***

  The two drove off in the battered family sedan. With his rifles packed safely away, Bobber resumed his buoyant and chatty persona. Such a change always came over him whenever he was away from his guns.

  “My fountain pen wasn’t working,” he said, “so I was shaking it to get the ink out. I didn’t expect old Cox to be walking by my desk just in time to get ink all over the back of her skirt!”

  Kough chuckled. “I’m sure it was totally accidental, right?”

  Bobber smiled mischievously.

  “Anyway,” he said, “good thing she didn’t know what was going on. She was really pissed the next day, though. Nobody told on me, which is . . . ”

  His voice trailed off as he spied the Texas-style steak house coming up on the right. Kough knew that Bobber wanted to stop, and he certainly wanted to take him into the restaurant, as well. After such a fine day of shooting, the boy deserved a reward.

  Kough imagined the two them sauntering in through the swinging doors like a couple of wild west desperadoes. They’d stand before the big wall menu with hands on hips, oblivious to the backlog of customers piling up behind them waiting to go through the serving line.

  But he continued driving and tried not to notice his son’s head turning to follow the receding restaurant. Kough gripped the steering wheel hard in growing resentment at his own impotence.

  “Sorry Bobber,” he said, “I’m afraid that new rifle pretty much cleaned us out for a while.”

  Again, he pondered with dismay on just how long it would take to pay off the firearm. But, damn, it was a premium Hatchel bolt action! Almost every top pro used the identical model. According to the brochure, it had “finely machined components throughout” crafted from “only the best materials” and a straight, rigid barrel guaranteed to be “sniper accurate.”

  Bobber looked away from the window and began another of his Cox stories; part of the ongoing saga of his least favorite teacher.

  “There were visitors in our class last week,” he said. “Cox couldn’t be her usual bitchy self, of course, and had to put on an act for them. Well, as it turned out . . . ”

  2. The elusive dream

  Ann Kough gave an icy welcome to Frank and Bobber upon their return home.

  “Change your clothes, Bobber,” she said. “I can smell gunpowder on them.”

  “Okay, Mom.”

  Without another word, she turned and disappeared into the kitchen. Bobber headed for his room.

  Kough intercepted him and spoke in a confidential voice: “Just stay out of sight for a while, okay, son?”

  “Sure, Dad. I understand.”

  Kough drew a deep breath and followed his wife into the kitchen.

  He hung around there a while drinking cola and trying to make small talk. Nothing he said seemed capable of engendering a response, though.
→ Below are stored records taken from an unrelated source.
(* Let $G$ be a finite group of order $9$ (written additively), and let $A,B\subseteq G$. Then: (i) if $|A|=3$ and $A$ is zero-sum free, then $|\sum(A)|\ge 6$; (ii) if $|A|=3$ and $0\notin A$, then $|\sum(A)|\ge 5$; (iii) if $|A|=4$ and $0\notin A$, then $|\sum(A)|\ge 7$; (iv) if $|A|=4$, then $|\sum_2(A)|\ge 5$; (v) if $|A|=4$ and $|B|\ge 2$, then $|A+B|\ge 5$.
   Context: For a subset $A=\{a_1,\dots,a_k\}$ of $G$, $\sum(A)$ is the set of all sums $a_{i_1}+\cdots+a_{i_l}$ with $1\le l\le k$ and $i_1,\dots,i_l$ pairwise distinct; $\sum_r(A)$ is the set of all such sums with exactly $r$ pairwise distinct indices. $A$ is zero-sum free if $0\notin\sum(A)$. $A+B=\{a+b: a\in A, b\in B\}$. *)

From HB Require Import structures.
From mathcomp Require Import all_boot all_order all_algebra.
Set Implicit Arguments. Unset Strict Implicit. Unset Printing Implicit Defensive.
Import GRing.Theory.
Local Open Scope ring_scope.

Definition subset_sums (G : finZmodType) (A : {set G}) : {set G} :=
  [set \sum_(x in S) x | S : {set G} in powerset A & S != set0].

Definition subset_sums_r (G : finZmodType) (r : nat) (A : {set G}) : {set G} :=
  [set \sum_(x in S) x | S : {set G} in powerset A & #|S| == r].

Definition zero_sum_free (G : finZmodType) (A : {set G}) : bool :=
  0 \notin subset_sums A.

Definition sumset (G : finZmodType) (A B : {set G}) : {set G} :=
  [set a + b | a in A, b in B].

From HB Require Import structures.
From mathcomp Require Import all_boot all_order all_algebra all_fingroup cyclic.
Set Implicit Arguments. Unset Strict Implicit. Unset Printing Implicit Defensive.
Import GRing.Theory FinRing.Theory.
Local Open Scope ring_scope.
(* Let $F$ be any subfield of $\mathbb{R}$ and $r\in F$. Then (1) $T[F]$ proves $\forall x\,(x\le r\rightarrow x^2-2x+1\ge0)$ if and only if $r<1$; and (2) $T[F]$ proves $\forall x\,(x\ge r\rightarrow x^2-2x+1\ge0)$ if and only if $r>1$.
   Context: For $a\in F$, $f_a$ is a unary function symbol interpreted as $f_a(x)=ax$; a constant $c\in F$ is denoted by the term $f_c(1)$. $x^2$ denotes $x\times x$ and $2x$ denotes $f_2(x)$. $T_{\mathrm{add}}[F]$ is the set of sentences true in $(\mathbb{R},0,1,+,-,<,(f_a)_{a\in F})$, $T_{\mathrm{mult}}[F]$ the set of sentences true in $(\mathbb{R},0,1,\times,\div,<,(f_a)_{a\in F})$ with $x\div0=0$, and $T[F]=T_{\mathrm{add}}[F]\cup T_{\mathrm{mult}}[F]$, a theory in the union of the two languages. *)

From Stdlib Require Import Reals List.
Open Scope R_scope.

Inductive term : Type :=
| TVar  : nat -> term
| TZero : term
| TOne  : term
| TAdd  : term -> term -> term
| TSub  : term -> term -> term
| TMul  : term -> term -> term
| TDiv  : term -> term -> term
| TF    : R -> term -> term.        (* f_a, unary, a must lie in F *)

Inductive form : Type :=
| FBot : form
| FEq  : term -> term -> form
| FLt  : term -> term -> form
| FImp : form -> form -> form
| FAll : form -> form.               (* binds de Bruijn variable 0 *)

Definition FNot (A : form) : form := FImp A FBot.
Definition FOr (A B : form) : form := FImp (FNot A) B.

Fixpoint add_term (F : R -> Prop) (t : term) : Prop :=
  match t with
  | TVar _ | TZero | TOne => True
  | TAdd u v | TSub u v => add_term F u /\ add_term F v
  | TMul _ _ | TDiv _ _ => False
  | TF a u => F a /\ add_term F u
  end.

Fixpoint mult_term (F : R -> Prop) (t : term) : Prop :=
  match t with
  | TVar _ | TZero | TOne => True
  | TMul u v | TDiv u v => mult_term F u /\ mult_term F v
  | TAdd _ _ | TSub _ _ => False
  | TF a u => F a /\ mult_term F u
  end.

Fixpoint lang_form (P : term -> Prop) (A : form) : Prop :=
  match A with
  | FBot => True
  | FEq u v | FLt u v => P u /\ P v
  | FImp B C => lang_form P B /\ lang_form P C
  | FAll B => lang_form P B
  end.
His best efforts failed to create an opening into which he could break the news.

  As it turned out, he didn’t need one.

  “I read the letter you got from the shooting school,” Ann said through tightened lips.

  “Oh . . .” Frank was too off his guard to say anything more.

  “Yes, and you should be proud that the boy’s going to do exactly what you want.”

  “But Ann,” Kough protested, “he wants it, too. It’s a wonderful opportunity.”

  He almost added: “I wish I’d gotten a chance like this,” but he kept the thought to himself.

  “He wants it because you tell him so,” Ann said.

  “That’s not true!”

  “Believe me, Frank, whatever he manages to do or not do, it isn’t going to make you any more of a man than you are now.”

  Kough flinched at this brutal reference to his disabilities.

  Damn you! he thought with a rancor born of helplessness.

  She didn’t talk to him like this two years ago when he was a construction foreman bringing home fat paychecks. Everything was hunky dory then – before the fall which had left him incapacitated and unemployable.

  “That’s not how it is!” he blurted.

  “Send him to that school if you must,” Ann said. “It looks like I can’t do anything to stop you.”

  She began jamming plates into the dishwasher with enough force to nearly shatter them.

  “And put him in those tournaments, too,” she said. “Just don’t expect me to be around to watch all this.”

  The harsh words from the usually soft-spoken woman rattled Kough badly. He could make no reply. Ann finished with the plates and stalked out of the kitchen.

  Kough sat by himself for several minutes, drinking from his bottle. The cola had gone flat.